翻訳|Missouri
アメリカ合衆国中部の州。面積18万0486平方キロメートル、人口559万5211(2000)。州都ジェファソン・シティ。東をイリノイ州とケンタッキー州とテネシー州、西をネブラスカ州とカンザス州とオクラホマ州、南をアーカンソー州、北をアイオワ州と境を接する。また、合衆国の二大河川であるミシシッピ川が東境を形成し、ミズーリ川が西から東に州土を二分し、セントルイスでミシシッピ川に注ぐ。地形的には、州土の3分の1を占めるミズーリ川北部域が大平原地帯で、肥沃(ひよく)な土地に恵まれ農業が発達する。広大な南部には標高500~600メートルのオザーク台地が広がり、景勝地も多く、観光・行楽地として知られる。さらに、西部はオーセージ平野、南東端部はミシシッピ沖積平野となっている。温暖湿潤気候を有し、気温差が激しい。経済的発展は州内を流れる二大河川に負うところが大で、古くから発達した農業に加え、近年は工業がそれを上回る勢いをみせており、そのほとんどが最大都市のセントルイスとカンザス・シティの二大都市周辺地域に集中し、人口の60%以上が両都市に住む。従来の運輸機械、食品加工、自動車、金属、薬品、印刷・出版に加え、最近は電子・電気機器、航空宇宙産業が発達し、工業の多様化はますます盛んになってきている。農業への依存度も相変わらず高く、ウシ、ブタなどの牧畜を中心に、トウモロコシ、大豆、小麦などの栽培が盛んである。そして、これらに続く観光業は豊かな自然と数多くの観光資源からも将来性が高い。
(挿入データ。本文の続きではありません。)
Lemma gpow_sd_gen k : fst (gpow (gmul (sd_gen s) (sd_gen t)) k) = gpow st k /\
  forall x, snd (gpow (gmul (sd_gen s) (sd_gen t)) k) x = braid_refl (2 * k) 0 x.
Proof.
  induction k as [|k [IH1 IH2]]; [split; reflexivity|].
  change (gpow (gmul (sd_gen s) (sd_gen t)) (S k))
    with (gmul (gmul (sd_gen s) (sd_gen t)) (gpow (gmul (sd_gen s) (sd_gen t)) k)).
  destruct (gpow (gmul (sd_gen s) (sd_gen t)) k) as [a b]. simpl in IH1, IH2. subst a.
  split; [reflexivity|]. intro x. simpl. rewrite IH2. fold st. rewrite braid_refl_shift.
  replace (k + S (k + 0)) with (S (k + (k + 0))) by lia. simpl. rewrite xorb_assoc. f_equal.
  - apply eqcb_iff. rewrite gmul1l; tauto.
  - f_equal. apply eqcb_iff. rewrite gconj_eqV, ginvK. unfold gconj, st.
    rewrite (Sgen_ginv s) by assumption. gsimpl. tauto.
Qed.

Lemma braid_refl_cat a b j0 x :
  braid_refl (a + b) j0 x = xorb (braid_refl a j0 x) (braid_refl b (j0 + a) x).
Proof.
  revert j0; induction a as [|a IH]; intro j0; simpl; [rewrite Nat.add_0_r; reflexivity|].
  rewrite IH, xorb_assoc. do 3 f_equal. lia.
Qed.

Lemma braid_refl_period m k j0 x : gpow st m = gone -> braid_refl k (m + j0) x = braid_refl k j0 x.
Proof.
  intro Hm. revert j0; induction k as [|k IH]; intro j0; simpl; [reflexivity|].
  replace (S (m + j0)) with (m + S j0) by lia. rewrite IH, gpowD, Hm, gmul1l. reflexivity.
Qed.

Lemma sd_gen_braid m : gpow st m = gone -> gpow (gmul (sd_gen s) (sd_gen t)) m = gone.
Proof.
  intro Hm. destruct (gpow_sd_gen m) as [E1 E2].
  destruct (gpow (gmul (sd_gen s) (sd_gen t)) m) as [a b]. simpl in *. f_equal; [exact (eq_trans E1 Hm)|].
  apply functional_extensionality; intro x. rewrite E2, Nat.add_0_r, braid_refl_cat.
  replace (0 + m) with (m + 0) by lia. rewrite braid_refl_period by exact Hm. apply xorb_nilpotent.
Qed.

End Braid.

Lemma inv_set_exists : exists N : W -> W -> bool,
  (forall l, Forall Sgen l -> N (prodl l) = refl_parity l) /\
  (forall x y t, in_Waff Sgen x -> in_Waff Sgen y ->
     N (gmul x y) t = xorb (N x t) (N y (gconj (ginv x) t))).
Proof.
  destruct (coxeter_extend (sdprod_xor W) sd_gen) as [F [FP FM]].
  - intros s Hs. simpl; unfold sd_mul; simpl. f_equal; [apply Sgen_invol, Hs|].
    apply functional_extensionality; intro t. rewrite (Sgen_ginv s) by exact Hs.
    replace (eqcb (gconj s t) s) with (eqcb t s); [apply xorb_nilpotent|].
    apply eqcb_iff. rewrite gconj_eqV, (Sgen_ginv s) by exact Hs.
    unfold gconj. rewrite (Sgen_ginv s), Sgen_invol by exact Hs. gsimpl. tauto.
  - intros s t m Hs Ht _ E. exact (sd_gen_braid s t Hs Ht m E).
  - assert (Ffst : forall x, in_Waff Sgen x -> F x = (x, snd (F x))).
    { intros x [l [Fl E]]; subst x. rewrite FP, prodl_sd_gen; auto. }
    exists (fun x => snd (F x)); split.
    + intros l Fl. rewrite FP, prodl_sd_gen; auto.
    + intros x y t Hx Hy. rewrite FM, (Ffst x Hx), (Ffst y Hy); auto.
Qed.

(* For v in W_aff, [inv_set v H] says whether H separates 1 and v (see inv_set_reduced). *)
Definition inv_set : W -> W -> bool :=
  proj1_sig (constructive_indefinite_description _ inv_set_exists).

Lemma inv_set_word l : Forall Sgen l -> inv_set (prodl l) = refl_parity l.
Proof.
  intro Hl; unfold inv_set; destruct constructive_indefinite_description as [N HN].
  exact (proj1 HN l Hl).
Qed.

Lemma inv_set_mul x y t : in_Waff Sgen x -> in_Waff Sgen y ->
  inv_set (gmul x y) t = xorb (inv_set x t) (inv_set y (gconj (ginv x) t)).
Proof.
  intros Hx Hy; unfold inv_set; destruct constructive_indefinite_description as [N HN].
  exact (proj2 HN x y t Hx Hy).
Qed.

Lemma inv_set_gconj_Omega u v t : Omega u -> in_Waff Sgen v ->
  inv_set (gconj u v) t = inv_set v (gconj (ginv u) t).
Proof.
  intros Hu [l [Fl <-]].
  rewrite <- prodl_map_gconj, !inv_set_word by auto using Omega_gconj_word.
  unfold refl_parity, odd_count. rewrite refl_seq_map_gconj, !map_map. f_equal.
  apply map_ext; intro y. apply eqcb_iff. rewrite gconj_eqV, ginvK; tauto.
Qed.

Lemma inv_set_S s t : Sgen s -> inv_set s t = eqcb t s.
Proof.
  intro Hs. rewrite <- (gmul1r s) at 1. change (gmul s gone) with (prodl [s]).
  rewrite inv_set_word by auto. apply xorb_false_r.
Qed.

Definition reduced (l : list W) : Prop :=
  Forall Sgen l /\ word_length Sgen (prodl l) (length l).

Lemma reduced_word l v : is_word Sgen l v -> word_length Sgen v (length l) -> reduced l.
Proof. intros [F <-] Hl; split; assumption. Qed.

Lemma word_length_exists v : in_Waff Sgen v ->
  exists l, is_word Sgen l v /\ word_length Sgen v (length l).
Proof.
  intro Hv.
  destruct (dec_inh_nat_subset_has_unique_least_element
              (fun m => exists l, is_word Sgen l v /\ length l = m)) as [m [[[l [Hl <-]] Hmin] _]].
  - intro; apply classic.
  - destruct Hv as [l Hl]. exists (length l), l; auto.
  - exists l. split; [exact Hl|]. split; [exists l; auto|].
    intros l' Hl'. apply Hmin. exists l'; auto.
Qed.
Lemma iso_graph_add x y x' y' :
  iso_graph x y -> iso_graph x' y' -> iso_graph (add x x') (add y y').
Proof.
  intros [k [d [Hd [-> ->]]]] [k' [d' [Hd' [-> ->]]]].
  exists (k + k')%Z, (add d d'). split; [now apply memD_add |].
  rewrite !zmul_add_distr_r by auto with grp.
  split; apply add_shuffle; auto with grp.
Qed.

Lemma iso_graph_surj y : memH y = true -> exists x, iso_graph x y.
Proof.
  intro Hy. destruct HHv as [_ [_ [_ Hdec]]].
  destruct (Hdec y Hy) as [c [d [Hc [Hd ->]]]]. apply InCyclic_zmul in Hc as [k ->].
  exists (add (zmul k u) d), k, d. auto.
Qed.

Lemma shift_into_H x : memG x = true -> exists c, memH (add x (zmul c u)) = true.
Proof.
  intro Hx. destruct HGu as [_ [_ [_ Hdec]]].
  destruct (Hdec x Hx) as [c [d [Hc [[HdG HdH] ->]]]]. apply InCyclic_zmul in Hc as [k ->].
  exists (- k)%Z.
  rewrite zmul_opp, (add_comm _ d), <- add_assoc, add_Nr, add_0r; auto with grp.
Qed.

Lemma iso_graph_shift x c : memG x = true -> memH (add x (zmul c u)) = true ->
  iso_graph x (add (add x (zmul c u)) (zmul c (neg v))).
Proof.
  intros Hx Hxc. pose proof (subgroup_dom _ SG _ Hx).
  exists (- c)%Z, (add x (zmul c u)). repeat split.
  - apply (subgroup_add _ SG); auto using subgroup_zmul.
  - exact Hxc.
  - rewrite zmul_opp, (add_comm x), add_assoc, add_Nl, add_0l; auto with grp.
  - rewrite zmul_opp, zmul_neg, add_comm; auto with grp.
Qed.

Section Evaluation.

Variables pE pH : prf.
Hypothesis HpE : Presents (encode pE) dom add neg z.
Hypothesis HpH : CharIndex (encode pH) memH.

Local Notation env := (iso_env pE pH u v).

Lemma eval_tadd s t x a b : eval (fill env s) x a -> eval (fill env t) x b -> inE a -> inE b ->
  eval (fill env (tadd s t)) x (add a b).
Proof.
  intros Ha Hb Da Db. cbn [fill tadd tconst]. eapply ev_comp.
  - constructor; [apply eval_const | constructor; eassumption].
  - apply phi_encode, (proj1 (proj2 HpE)); assumption.
Qed.

Lemma eval_tneg s x a : eval (fill env s) x a -> inE a -> eval (fill env (tneg s)) x (neg a).
Proof.
  intros Ha Da. cbn [fill tneg tconst]. eapply ev_comp.
  - constructor; [apply eval_const | exact Ha].
  - apply phi_encode, (proj1 (proj2 (proj2 HpE))), Da.
Qed.
(* Let A have basis e0 = 1, e1 (even), e2, e3 (odd), and let a superbialgebra
   structure (Delta, eps) be given.  Since eps is an even algebra map,
   eps(e2) = eps(e3) = 0, and in the cases using Delta also eps(e1) = 0 (e1
   is either a square-zero even element or a product of odd ones).  Then eps is
   the augmentation and counitality says Delta(x) = x (x) 1 + 1 (x) x modulo
   A+ (x) A+ for x in A+ = span(e1, e2, e3).  Call e_a indecomposable if it
   never occurs in a product of two elements of A+.  For such a, b the
   e_a (x) e_b coefficient of Delta(e_i) Delta(e_j) (i, j > 0) only sees the
   primitive parts, which gives the key identity
     coefficient of e_a (x) e_b in Delta(e_i e_j)
       = [i = a][j = b] + (-1)^(|i||j|) [i = b][j = a].
   Comparing it with the multiplication table yields 2 = 0, 1 + l = 0 or
   1 = 0.  The file first proves this identity (Delta_product_coef), then
   four obstruction lemmas built on it, each covering a family of tables,
   plus a direct counit argument for the tables where 1 is a combination of
   products of odd elements; finally the fifteen cases are read off. *)

Notation e0 := (@ord0 3).
Notation e1 := (@Ordinal 4 1 isT).
Notation e2 := (@Ordinal 4 2 isT).
Notation e3 := (@Ordinal 4 3 isT).

Lemma sum_dirac (K : nzRingType) (c : 'I_4) (F : 'I_4 -> K) :
  \sum_(j < 4) (j == c)%:R * F j = F c.
Proof.
rewrite (bigD1 c) //= eqxx mul1r big1 ?addr0 // => j /negbTE ->.
by rewrite mul0r.
Qed.

Lemma sum_dirac_r (K : nzRingType) (c : 'I_4) (F : 'I_4 -> K) :
  \sum_(j < 4) F j * (j == c)%:R = F c.
Proof.
by under eq_bigr do rewrite mulr_natr -mulr_natl; exact: sum_dirac.
Qed.

Definition unital_table (K : nzRingType) (mu : 'I_4 -> 'I_4 -> 'I_4 -> K)
  : Prop :=
  forall p k, mu e0 p k = (p == k)%:R /\ mu p e0 k = (p == k)%:R.

Definition indecomposable (K : nzRingType) (mu : 'I_4 -> 'I_4 -> 'I_4 -> K)
  (a : 'I_4) : Prop :=
  a != e0 /\ forall p q, p != e0 -> q != e0 -> mu p q a = 0.
(* smallest counter (used only when the state is nonempty) *)
Definition ss_min_counter (st : ss_state) : nat :=
  foldr minn (head 0%N (ss_counters st)) (ss_counters st).

Definition ss_fmax (m : nat) (st : ss_state) (i : T) : nat :=
  match [seq x <- st | x.1.1 == i] with
  | x :: _ => x.1.2
  | [::] => if (size st < m)%N then 0%N else ss_min_counter st
  end.

Definition ss_fmin (st : ss_state) (i : T) : nat :=
  match [seq x <- st | x.1.1 == i] with
  | x :: _ => x.1.2 - x.2
  | [::] => 0%N
  end.
End SpaceSaving.

(* The hierarchical algorithm: instance of depth d has final state     *)
(* st d; estimates of p come from instance of depth (depth p).         *)
Section Output.
Local Open Scope ring_scope.
Variables (R : realFieldType) (T : finType) (H : hierarchy T).
Variables (m : nat) (st : nat -> ss_state T) (phi : R) (N : nat).

Definition hfmax (p : T) : nat := ss_fmax m (st (h_depth H p)) p.
Definition hfmin (p : T) : nat := ss_fmin (st (h_depth H p)) p.

(* test performed when prefix q is processed, with current value sq of s_q *)
Definition passes (q : T) (sq : nat) : bool :=
  phi * N%:R <= (hfmax q)%:R - sq%:R.

(* value of s_p at the time p is processed in postorder (fuel n must be
   at least the height of the subtree of p; #|T| always suffices) *)
Fixpoint s_fuel (n : nat) (p : T) : nat :=
  match n with
  | 0 => 0%N
  | n'.+1 => \sum_(q | child H q p)
               (let sq := s_fuel n' q in if passes q sq then hfmin q else sq)
  end.

Definition s_val (p : T) : nat := s_fuel #|T| p.

Definition output : {set T} := [set p | passes p (s_val p)].

Definition est_cond (p : T) : R := (hfmax p)%:R - (s_val p)%:R.
End Output.

From HB Require Import structures.
From mathcomp Require Import all_boot all_order all_algebra.
From mathcomp Require Import zify lra.
Import Order.TTheory GRing.Theory Num.Theory.
Set Implicit Arguments. Unset Strict Implicit.

(* Space Saving with m = 1/eps counters keeps, for every item, fmin <= f <= fmax
   with fmax - f and f - fmin at most eps N.  Let carry(q) be what the output
   procedure adds to s_par(q): fmin(q) if q is output, s_q otherwise; so s_p is
   the sum of carry over the children of p, and carry(q) <= f(q).  Telescoping
   over the tree gives sum_{p in P} F'_p = carry(root) + sum_{p in P}
   (fmax p - fmin p) <= N + 2 eps N |P|, and each output prefix has
   F'_p >= phi N, whence |P| (phi - 2 eps) <= 1.  For accuracy, F_p is f(p)
   minus the part of the children's subtrees lying below output prefixes; below
   a prefix q that part exceeds carry(q) by at most eps N per output prefix
   under q, so F'_p - F_p <= eps N |P|. *)

Section HierarchyTheory.
Variables (T : finType) (H : hierarchy T).
Local Notation par := (h_par H).
Local Notation dep := (h_depth H).
Local Notation root := (h_root H).
Local Notation preceq := (preceq H).
Local Notation child := (child H).

Lemma depth_par x : dep (par x) = (dep x).-1.
Proof.
have [->|x_root] := eqVneq x root; first by rewrite h_par_root h_depth_root.
exact: h_depth_par.
Qed.

Lemma depth_iter_par n x : dep (iter n par x) = dep x - n.
Proof. by elim: n => [|n IHn]; rewrite ?subn0 // iterS depth_par IHn subnS. Qed.

Lemma preceqE x q : preceq x q = (iter (dep x - dep q) par x == q).
Proof.
apply/existsP/eqP => [[n /eqP <-]|xq].
  have n_le : (n <= dep x)%N by rewrite -ltnS ltn_ord.
  by rewrite depth_iter_par; congr iter; lia.
have lt_dx : (dep x - dep q < (dep x).+1)%N by rewrite ltnS leq_subr.
by exists (Ordinal lt_dx); apply/eqP.
Qed.

Lemma preceq_depth x q : preceq x q -> (dep q <= dep x)%N.
Proof. by rewrite preceqE => /eqP <-; rewrite depth_iter_par leq_subr. Qed.

Lemma preceq_refl x : preceq x x.
Proof. by rewrite preceqE subnn. Qed.

Lemma preceq_trans x y z : preceq x y -> preceq y z -> preceq x z.
Proof.
move=> xy yz; have dxy := preceq_depth xy; have dyz := preceq_depth yz.
move: xy yz; rewrite !preceqE => /eqP xy /eqP yz.
have -> : dep x - dep z = (dep y - dep z) + (dep x - dep y) by lia.
by rewrite iterD xy yz.
Qed.

Lemma preceq_anti x y : preceq x y -> preceq y x -> x = y.
Proof.
move=> xy yx; have dxy := preceq_depth xy; have dyx := preceq_depth yx.
by move: xy; rewrite preceqE (_ : dep x - dep y = 0) //; [move/eqP | lia].
Qed.

Lemma preceq_depth_lt x y : preceq x y -> x != y -> (dep y < dep x)%N.
Proof.
move=> xy; apply: contraNT; rewrite -leqNgt => dxy.
by move: xy; rewrite preceqE (_ : dep x - dep y = 0) //; lia.
Qed.

Lemma preceq_ancestors x y z : preceq x y -> preceq x z -> (dep z <= dep y)%N ->
  preceq y z.
Proof.
move=> xy xz dzy; have dxy := preceq_depth xy; have dxz := preceq_depth xz.
move: xy xz; rewrite !preceqE => /eqP xy.
by rewrite (_ : dep x - dep z = (dep y - dep z) + (dep x - dep y)) ?iterD ?xy //; lia.
Qed.

Lemma preceq_root x : preceq x root.
Proof.
rewrite preceqE h_depth_root subn0; apply/eqP/h_depth0.
by rewrite depth_iter_par subnn.
Qed.

Lemma child_depth c q : child c q -> dep c = (dep q).+1.
Proof.
case/andP=> c_root /eqP <-; rewrite (h_depth_par c_root).
by case E: (dep c) => [|n] //; rewrite (h_depth0 E) eqxx in c_root.
Qed.

Lemma child_preceq c q : child c q -> preceq c q.
Proof.
move=> cq; rewrite preceqE (child_depth cq) (_ : _ - _ = 1) ?subSnn //.
by case/andP: cq.
Qed.

Lemma leaf_below x : exists2 y, preceq y x & dep y = h_height H.
Proof.
have [y yx ymax] := @arg_maxnP _ _ (preceq ^~ x) dep (preceq_refl x).
exists y => //; apply: h_leaf_depth => c c_root; apply/negP => /eqP cy.
have cy' : child c y by rewrite /child c_root cy eqxx.
by have /= := ymax c (preceq_trans (child_preceq cy') yx); rewrite (child_depth cy') ltnn.
Qed.

Lemma depth_le_height x : (dep x <= h_height H)%N.
Proof. by have [y /preceq_depth + <-] := leaf_below x. Qed.

Lemma height_lt_card : (h_height H < #|T|)%N.
Proof.
have [y _ dy] := leaf_below root.
have inj : injective (fun n : 'I_(dep y).+1 => iter n par y).
  move=> a b /(congr1 dep); rewrite !depth_iter_par => e.
  apply: val_inj => /=; have := ltn_ord a; have := ltn_ord b; lia.
by have := leq_card _ inj; rewrite card_ord dy.
Qed.

Lemma childless_at_height c q : (h_height H <= dep q)%N -> ~~ child c q.
Proof.
move=> dq; apply/negP => /child_depth dc.
by have := depth_le_height c; rewrite dc; lia.
Qed.

Lemma hierarchy_ind (Pr : T -> Prop) :
  (forall q, (forall c, child c q -> Pr c) -> Pr q) -> forall q, Pr q.
Proof.
move=> IH; suff: forall n q, (h_height H - dep q < n)%N -> Pr q by move=> + q; apply.
elim=> [//|n IHn] q hq; apply: IH => c /child_depth dc; apply: IHn.
by have := depth_le_height c; lia.
Qed.

(* The child subtree containing x is that of the ancestor of x one level
   below q. *)
Lemma big_subtree (R : Type) (idx : R) (op : Monoid.com_law idx) (F : T -> R) q :
  \big[op/idx]_(x | preceq x q) F x =
  op (F q) (\big[op/idx]_(c | child c q) \big[op/idx]_(x | preceq x c) F x).
Proof.
rewrite (bigD1 q) ?preceq_refl //=; congr (op _ _).
pose up x := iter (dep x - dep q).-1 par x.
have below x : preceq x q -> x != q -> dep (up x) = (dep q).+1 /\ par (up x) = q.
  move=> xq nxq; have := preceq_depth_lt xq nxq; move: xq; rewrite preceqE => /eqP xq lt.
  have e : (dep x - dep q).-1.+1 = dep x - dep q by lia.
  by rewrite /up depth_iter_par -iterS e xq; split => //; lia.
rewrite (partition_big up (child ^~ q)) /=; last first.
  move=> x /andP [xq nxq]; have [dup pup] := below x xq nxq.
  by rewrite /child pup eqxx andbT; apply/eqP => e; rewrite e h_depth_root in dup.
apply: eq_bigr => c cq; apply: eq_bigl => x; apply/idP/idP.
  case/andP=> /andP [xq nxq] /eqP <-; have [dup _] := below x xq nxq.
  by rewrite preceqE dup /up; apply/eqP; congr iter; lia.
move=> xc; have dc := child_depth cq; have dxc := preceq_depth xc.
rewrite (preceq_trans xc (child_preceq cq)) /=; apply/andP; split.
  by apply/eqP => e; rewrite e in dxc; lia.
by move: xc; rewrite preceqE /up dc => /eqP <-; apply/eqP; congr iter; lia.
Qed.

End HierarchyTheory.

Section SpaceSavingInvariant.
Variables (T : finType) (m : nat).
Implicit Types (str : seq (T * nat)) (st : ss_state T).

Lemma freq_rcons str u i :
  freq (rcons str u) i = freq str i + (if u.1 == i then u.2 else 0).
Proof. by rewrite /freq -cats1 big_cat big_cons big_nil /= addn0. Qed.

Lemma stream_N_rcons str u : stream_N (rcons str u) = stream_N str + u.2.
Proof. by rewrite /stream_N -cats1 big_cat big_cons big_nil /= addn0. Qed.

Definition ss_inv str st : Prop :=
  [/\ uniq (ss_items st),
      sumn (ss_counters st) = stream_N str,
      (forall x, x \in st -> freq str x.1.1 <= x.1.2 <= freq str x.1.1 + x.2
                             /\ m * x.2 <= stream_N str) &
      (forall i, i \notin ss_items st ->
         (forall x, x \in st -> freq str i <= x.1.2) /\
         (size st < m -> freq str i = 0))].

Lemma sumn_counters_update st (F : T * nat * nat -> T * nat * nat) y :
  uniq (ss_items st) -> y \in st -> (forall x, x.1.1 != y.1.1 -> F x = x) ->
  sumn (ss_counters (map F st)) + y.1.2 = sumn (ss_counters st) + (F y).1.2.
Proof.
elim: st => [//|x st IH] /= /andP [x_st uniq_st]; rewrite inE => y_xst Fid.
have [exy|nexy] := eqVneq x.1.1 y.1.1; last first.
  have y_st : y \in st by case/orP: y_xst => // /eqP exy; rewrite exy eqxx in nexy.
  by rewrite Fid //; have := IH uniq_st y_st Fid; rewrite /ss_counters /=; lia.
have <- : x = y.
  case/orP: y_xst => [/eqP //|y_st]; case/negP: x_st; rewrite exy; exact: map_f.
rewrite map_id_in => [|z z_st]; first by rewrite /ss_counters /=; lia.
by apply: Fid; rewrite -exy; apply: contraNneq x_st => <-; exact: map_f.
Qed.

Lemma sumn_counters_ge st c : (forall x, x \in st -> c <= x.1.2) ->
  size st * c <= sumn (ss_counters st).
Proof.
elim: st => [//|x st IH] c_le.
have := c_le x (mem_head _ _).
have := IH (fun y y_st => c_le y (mem_behead (s := x :: st) y_st)).
rewrite /ss_counters /= mulSn; lia.
Qed.

Lemma foldr_minnP a (cs : seq nat) :
  foldr minn a cs \in a :: cs /\ forall c, c \in a :: cs -> foldr minn a cs <= c.
Proof.
elim: cs => [|c cs [IHin IHle]] /=.
  by rewrite mem_head; split=> // c; rewrite inE => /eqP ->.
split.
  rewrite /minn; case: ltnP => _; first by rewrite !inE eqxx orbT.
  by move: IHin; rewrite !inE => /orP [->|->]; rewrite ?orbT.
move=> d; rewrite !inE => /or3P [d_a|/eqP ->|d_cs].
- by apply: leq_trans (geq_minr _ _) (IHle d _); rewrite inE d_a.
- exact: geq_minl.
- by apply: leq_trans (geq_minr _ _) (IHle d _); rewrite inE d_cs orbT.
Qed.

Lemma ss_min_counterP st : st != [::] ->
  ss_min_counter st \in ss_counters st /\
  forall x, x \in st -> ss_min_counter st <= x.1.2.
Proof.
case: st => [//|x0 st] _; rewrite /ss_min_counter.
set cs := ss_counters (x0 :: st).
have [min_in min_le] := foldr_minnP (head 0 cs) cs.
split; first by move: min_in; rewrite inE => /orP [/eqP ->|]; rewrite ?mem_head.
by move=> x x_st; apply: min_le; rewrite inE (map_f (fun x => x.1.2)) ?orbT.
Qed.

Lemma ss_inv_incr str st i c : ss_inv str st -> i \in ss_items st ->
  ss_inv (rcons str (i, c))
         [seq (if x.1.1 == i then (x.1.1, x.1.2 + c, x.2) else x) | x <- st].
Proof.
move=> [uniq_st sum_st tracked untracked] i_st.
set F := fun x : T * nat * nat => if x.1.1 == i then (x.1.1, x.1.2 + c, x.2) else x.
have items_F : ss_items (map F st) = ss_items st.
  by rewrite /ss_items -map_comp; apply: eq_map => x /=; rewrite /F; case: ifP.
have [[[yi yc] ye] y_st /= yi_i] := mapP i_st.
split; rewrite ?items_F //.
- rewrite stream_N_rcons -sum_st.
  have Fid x : x.1.1 != (yi, yc, ye).1.1 -> F x = x by rewrite /F -yi_i => /negbTE ->.
  by have := sumn_counters_update uniq_st y_st Fid; rewrite /F -yi_i eqxx /=; lia.
- move=> _ /mapP [[[xi xc] xe] x_st ->]; rewrite !freq_rcons stream_N_rcons /F /=.
  have /= [/andP [lo hi] err] := tracked _ x_st.
  move: lo hi; case: (eqVneq xi i) => [->|/negbTE ne]; rewrite ?eqxx 1?eq_sym ?ne /=;
    by split; try apply/andP; try split; lia.
- move=> j j_st; have [le_counters free] := untracked j j_st.
  have /negbTE ij : i != j by apply: contraNneq j_st => <-.
  rewrite freq_rcons /= ij addn0 size_map; split => // _ /mapP [x x_st ->].
  apply: leq_trans (le_counters x x_st) _.
  by rewrite /F; case: ifP => //= _; exact: leq_addr.
Qed.

Lemma ss_inv_add str st i c : ss_inv str st -> i \notin ss_items st -> size st < m ->
  ss_inv (rcons str (i, c)) (rcons st (i, c, 0)).
Proof.
move=> [uniq_st sum_st tracked untracked] i_st free_slot.
have items_rcons : ss_items (rcons st (i, c, 0)) = rcons (ss_items st) i.
  by rewrite /ss_items map_rcons.
have [_ /(_ free_slot) fi0] := untracked i i_st.
split; rewrite ?items_rcons ?rcons_uniq ?i_st //.
- by rewrite stream_N_rcons -sum_st /ss_counters map_rcons -cats1 sumn_cat /=; lia.
- move=> [[xi xc] xe]; rewrite mem_rcons inE stream_N_rcons.
  case/orP=> [/eqP [-> -> ->]|x_st] /=.
    by rewrite freq_rcons eqxx fi0 /=; split; try apply/andP; try split; lia.
  have /= [/andP [lo hi] err] := tracked _ x_st.
  have /negbTE ix : i != xi by apply: contraNneq i_st => ->; exact: (map_f _ x_st).
  by rewrite freq_rcons /= ix addn0; split; try apply/andP; try split; lia.
- move=> j; rewrite mem_rcons inE negb_or => /andP [ji j_st].
  have [le_counters fj0] := untracked j j_st.
  rewrite freq_rcons /= eq_sym (negbTE ji) addn0 size_rcons; split.
    by move=> x; rewrite mem_rcons inE => /orP [/eqP ->|/le_counters] //; rewrite fj0.
  by move=> ?; apply: fj0; lia.
Qed.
1670年代からフランス人などの探検隊が入ったが、1735年に州最初の町が開かれ、64年にはセントルイスも建設された。1803年の「ルイジアナ購入」で合衆国領になり、12年に準州、21年に第24番目の州に昇格した。住民が真っ二つに分かれて戦った南北戦争は、その後の州形成に大きな影響を与える結果となった。1859年に開通した鉄道によって、それまで水運に大きく依存していた同州に都市・工業化の波が打ち寄せた。1904年にはルイジアナ購入100年を記念した博覧会がセントルイスで開催され、第二次世界大戦後の工業の発達は目を見張るものがある。州内には、セントルイス、カンザス・シティを中心に、ミズーリ大学など数多くの大学や、第33代大統領H・トルーマンを記念したトルーマン図書館および博物館、ウィリアム・ロックヒル・ネルソン美術館など優秀な教育・文化施設を誇り、オザーク地方の10の人工湖、古戦場、史跡なども多い。また、『トム・ソーヤの冒険』『ハックルベリ・フィンの冒険』で有名なマーク・トウェーンゆかりの地としても知られる。州名はアルゴンキン・インディアン語で「泥の水」を意味する。
[作野和世]
アメリカ合衆国中西部の州。略称Mo.。連邦加入1821年,24番目。面積17万8414km2,人口598万8927(2010)。州都ジェファソン・シティ,最大都市カンザス・シティ。1803年のルイジアナ購入によって合衆国領となった。州名はアルゴンキン・インディアン語に由来するといわれ,〈泥の水〉(ミズーリ川を指す)を意味する。州の東境はミシシッピ川で,中央部をミズーリ川が流れる。台地と緩やかな丘陵が多いが,南部はオザーク台地で森林が広がる。気候は内陸性の湿潤大陸性気候で,トルネード多発地の一つである。ミズーリ州は別称〈Show Me State(証拠を示せ州)〉と呼ばれ,州民はうたぐり深い性格とされる。また,この州に多いラバのように頑固であるともいわれる。これはミズーリ州が農村的であることにもよるが,ミズーリ協定(1820)の結果,奴隷州として連邦に加入し,南北戦争の際には北部支持派と南部支持派との間で激しい内戦があったという歴史にもよるものであろう。ミシシッピ川沿いにあるためフランス領時代から毛皮商人が訪れ,ルイジアナ購入の際にはセント・ルイスはすでに西部開拓の拠点となっていた。今日,同市の川沿い公園には巨大なアーチGateway Archが建てられ,開拓時代の記念碑となっている。州北東部のミシシッピ河畔の町ハンニバルは,マーク・トウェーンが少年時代を過ごし,《トム・ソーヤーの冒険》の舞台となった町である。ミズーリは古くから小麦,トウモロコシ,綿花の栽培地として知られてきたが,近年は大豆(全米5位,1980)の産地として重要である。工業では農産加工に加え,第2次大戦後,航空宇宙,自動車,エレクトロニクスなどの産業が発達した。また,州南東部は全米有数の鉛の産出地である。